(* Let $\mathrm P$ be a probability measure on $\mathbb{R}^d$ with Lebesgue density $p$ supported on the convex open set $\mathcal X\subseteq\mathbb{R}^d$, and assume $p$ satisfies Assumption A. Let $\varphi$ be as in the context. Then $\partial\varphi(\mathcal X)\cap\mathbb S_{d-1}=\emptyset$, i.e. no subgradient of $\varphi$ at a point of $\mathcal X$ has Euclidean norm $1$.
   Context: $\mathbb{B}_d$ is the open unit ball of $\mathbb{R}^d$, $\mathbb S_{d-1}=\bar{\mathbb B}_d\setminus\mathbb B_d$. $\mathrm U_d$ is the spherical uniform distribution on $\mathbb B_d$, with density $u_d(\mathbf x)=\frac{1}{a_d|\mathbf x|^{d-1}}\mathbf 1[\mathbf x\in\mathbb B_d\setminus\{\mathbf 0\}]$, $a_d=2\pi^{d/2}/\Gamma(d/2)$. $\psi$ is the convex function on $\mathbb B_d$, normalized by $\psi(\mathbf 0)=0$, whose a.e. gradient pushes $\mathrm U_d$ forward to $\mathrm P$ (McCann), extended lsc to $\mathbb{R}^d$ ($+\infty$ outside $\bar{\mathbb B}_d$), and $\varphi(\mathbf x)=\sup_{\mathbf u\in\mathbb B_d}(\langle\mathbf u,\mathbf x\rangle-\psi(\mathbf u))$, so that $\nabla\varphi\sharp\mathrm P=\mathrm U_d$. $\partial\varphi$ denotes the subdifferential and $\partial\varphi(A)=\bigcup_{\mathbf x\in A}\partial\varphi(\mathbf x)$. Assumption A: for every $R>0$ there exist $0<\lambda_R\le\Lambda_R$ with $\lambda_R\le p(\mathbf x)\le\Lambda_R$ for all $\mathbf x\in\mathcal X$ with $|\mathbf x|<R$. *)

From HB Require Import structures.
From mathcomp Require Import all_boot all_order all_algebra.
From mathcomp Require Import all_classical all_reals all_analysis.
Set Implicit Arguments. Unset Strict Implicit. Unset Printing Implicit Defensive.
Import Order.TTheory GRing.Theory Num.Theory.
Local Open Scope classical_set_scope.
Local Open Scope ring_scope.

(* Points of R^d are d-tuples of reals (these carry the product = Borel
   sigma-algebra of the library). *)
Section Euclid.
Variables (R : realType) (d : nat).
Definition vadd (x y : d.-tuple R) : d.-tuple R := [tuple tnth x i + tnth y i | i < d].
Definition vsub (x y : d.-tuple R) : d.-tuple R := [tuple tnth x i - tnth y i | i < d].
Definition vscale (t : R) (x : d.-tuple R) : d.-tuple R := [tuple t * tnth x i | i < d].
Definition vzero : d.-tuple R := [tuple (0:R) | i < d].
Definition dotp (x y : d.-tuple R) : R := \sum_(i < d) tnth x i * tnth y i.
Definition enorm (x : d.-tuple R) : R := Num.sqrt (dotp x x).

Definition unit_ball : set (d.-tuple R) := [set x | enorm x < 1].

Definition convex_set_Rd (X : set (d.-tuple R)) : Prop :=
  forall x y t, X x -> X y -> 0 <= t <= 1 ->
    X (vadd (vscale t x) (vscale (1 - t) y)).

Definition euclid_open (X : set (d.-tuple R)) : Prop :=
  forall x, X x -> exists2 e : R, 0 < e & forall z, enorm (vsub z x) < e -> X z.

Definition convex_on_Rd (D : set (d.-tuple R)) (f : d.-tuple R -> R) : Prop :=
  forall x y t, D x -> D y -> 0 <= t <= 1 ->
    f (vadd (vscale t x) (vscale (1 - t) y)) <= t * f x + (1 - t) * f y.

Definition has_gradient (f : d.-tuple R -> R) (u v : d.-tuple R) : Prop :=
  forall e : R, 0 < e -> exists2 del : R, 0 < del & forall h,
    enorm h < del -> `|f (vadd u h) - f u - dotp v h| <= e * enorm h.

(* Lebesgue measure on R^d: the (unique) Borel measure giving every closed
   box its volume *)
Definition is_lebesgue (lam : {measure set (d.-tuple R) -> \bar R}) : Prop :=
  forall a b : d.-tuple R, (forall i, tnth a i <= tnth b i) ->
    lam [set x | forall i, tnth a i <= tnth x i <= tnth b i] =
    (\prod_(i < d) (tnth b i - tnth a i))%:E.

Definition Euler_Gamma (s : R) : R :=
  fine (\int[@lebesgue_measure R]_(t in `]0%R, +oo[) (powR t (s - 1) * expR (- t))%:E).

Definition a_const : R := 2 * powR pi (d%:R / 2) / Euler_Gamma (d%:R / 2).

(* density of the spherical uniform distribution U_d *)
Definition u_dens (x : d.-tuple R) : R :=
  if (0 < enorm x) && (enorm x < 1) then (a_const * enorm x ^+ d.-1)^-1 else 0.

Definition U_meas (lam : {measure set (d.-tuple R) -> \bar R})
  (A : set (d.-tuple R)) : \bar R := \int[lam]_(x in A) (u_dens x)%:E.

Definition legendre_ball (psi : d.-tuple R -> R) (x : d.-tuple R) : \bar R :=
  ereal_sup [set ((dotp u x - psi u)%:E) | u in unit_ball].

Definition subgradient (f : d.-tuple R -> \bar R) (x y : d.-tuple R) : Prop :=
  f x \is a fin_num /\ forall z, (f x + (dotp y (vsub z x))%:E <= f z)%E.
End Euclid.

From HB Require Import structures.
From mathcomp Require Import all_boot all_order all_algebra.
From mathcomp Require Import all_classical all_reals all_analysis.
From mathcomp Require Import measurable_realfun ring lra.
Import Order.TTheory GRing.Theory Num.Theory.
Set Implicit Arguments. Unset Strict Implicit.
Local Open Scope classical_set_scope.
Local Open Scope ring_scope.

(** Suppose [y] is a unit subgradient of [phi] at [x] in [X].  Where [psi] is
    differentiable, Fenchel duality makes the pair [(u, grad psi u)] monotone
    against [(y, x)]: [<u - y, grad psi u - x> >= 0].  Since [|u| < 1 = |y|],
    this forces [u] to be within [O(e / t)] of [y] whenever [grad psi u] is
    within [e] of [x + t y].  Now place [N] disjoint cubes of side [~ r / N]
    along the segment [x + t y], [r / 4 <= t < r / 2], inside a ball around
    [x] where [p >= lr]: they carry [P]-mass [>~ N * N^-d].  Up to a null set
    their preimage under [grad psi] lies in a cube of side [~ 1 / N] around
    [y], at distance [>= 1/2] from the origin where the density of [U_d] is
    bounded, so the same mass is [<~ N^-d].  This fails for large [N]. *)

Section EuclideanGeometry.
Variables (R : realType) (d : nat).
Implicit Types (a b c u v w : d.-tuple R).

Lemma tnth_vadd a b i : tnth (vadd a b) i = tnth a i + tnth b i.
Proof. exact: tnth_mktuple. Qed.

Lemma tnth_vsub a b i : tnth (vsub a b) i = tnth a i - tnth b i.
Proof. exact: tnth_mktuple. Qed.

Lemma tnth_vscale t a i : tnth (vscale t a) i = t * tnth a i.
Proof. exact: tnth_mktuple. Qed.

Definition tnth_vE := (tnth_vadd, tnth_vsub, tnth_vscale).

Lemma dotpC a b : dotp a b = dotp b a.
Proof. by apply: eq_bigr => i _; rewrite mulrC. Qed.

Lemma dotpDl a b c : dotp (vadd a b) c = dotp a c + dotp b c.
Proof. by rewrite /dotp -big_split; apply: eq_bigr => i _; rewrite tnth_vadd mulrDl. Qed.

Lemma dotpBl a b c : dotp (vsub a b) c = dotp a c - dotp b c.
Proof. by rewrite /dotp -sumrB; apply: eq_bigr => i _; rewrite tnth_vsub mulrBl. Qed.

Lemma dotpZl t a c : dotp (vscale t a) c = t * dotp a c.
Proof. by rewrite /dotp mulr_sumr; apply: eq_bigr => i _; rewrite tnth_vscale mulrA. Qed.

Lemma dotpDr a b c : dotp c (vadd a b) = dotp c a + dotp c b.
Proof. by rewrite dotpC dotpDl !(dotpC c). Qed.

Lemma dotpBr a b c : dotp c (vsub a b) = dotp c a - dotp c b.
Proof. by rewrite dotpC dotpBl !(dotpC c). Qed.

Lemma dotpZr t a c : dotp c (vscale t a) = t * dotp c a.
Proof. by rewrite dotpC dotpZl dotpC. Qed.

Lemma dotp_ge0 a : 0 <= dotp a a.
Proof. by apply: sumr_ge0 => i _; rewrite -expr2 sqr_ge0. Qed.

Lemma enorm_ge0 a : 0 <= enorm a.
Proof. exact: sqrtr_ge0. Qed.

Lemma sqr_enorm a : enorm a ^+ 2 = dotp a a.
Proof. by rewrite sqr_sqrtr // dotp_ge0. Qed.

Lemma sqr_tnth_le_dotp a i : tnth a i ^+ 2 <= dotp a a.
Proof.
rewrite /dotp (bigD1 i) //= -expr2 lerDl.
by apply: sumr_ge0 => j _; rewrite -expr2 sqr_ge0.
Qed.

Lemma enorm_eq0 a : enorm a = 0 -> forall i, tnth a i = 0.
Proof.
move=> a0 i; apply/eqP; rewrite -sqrf_eq0 eq_le sqr_ge0 andbT.
by have := sqr_tnth_le_dotp a i; rewrite -sqr_enorm a0 expr0n.
Qed.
======
**Work required**
Return the span of lines in the data above that opens at the line with "(A : set (d.-tuple" and closes at the line with "their preimage under", exactly, ends included, nothing else.

**Task response**
  (A : set (d.-tuple R)) : \bar R := \int[lam]_(x in A) (u_dens x)%:E.

Definition legendre_ball (psi : d.-tuple R -> R) (x : d.-tuple R) : \bar R :=
  ereal_sup [set ((dotp u x - psi u)%:E) | u in unit_ball].

Definition subgradient (f : d.-tuple R -> \bar R) (x y : d.-tuple R) : Prop :=
  f x \is a fin_num /\ forall z, (f x + (dotp y (vsub z x))%:E <= f z)%E.
End Euclid.

From HB Require Import structures.
From mathcomp Require Import all_boot all_order all_algebra.
From mathcomp Require Import all_classical all_reals all_analysis.
From mathcomp Require Import measurable_realfun ring lra.
Import Order.TTheory GRing.Theory Num.Theory.
Set Implicit Arguments. Unset Strict Implicit.
Local Open Scope classical_set_scope.
Local Open Scope ring_scope.

(** Suppose [y] is a unit subgradient of [phi] at [x] in [X].  Where [psi] is
    differentiable, Fenchel duality makes the pair [(u, grad psi u)] monotone
    against [(y, x)]: [<u - y, grad psi u - x> >= 0].  Since [|u| < 1 = |y|],
    this forces [u] to be within [O(e / t)] of [y] whenever [grad psi u] is
    within [e] of [x + t y].  Now place [N] disjoint cubes of side [~ r / N]
    along the segment [x + t y], [r / 4 <= t < r / 2], inside a ball around
    [x] where [p >= lr]: they carry [P]-mass [>~ N * N^-d].  Up to a null set
    their preimage under [grad psi] lies in a cube of side [~ 1 / N] around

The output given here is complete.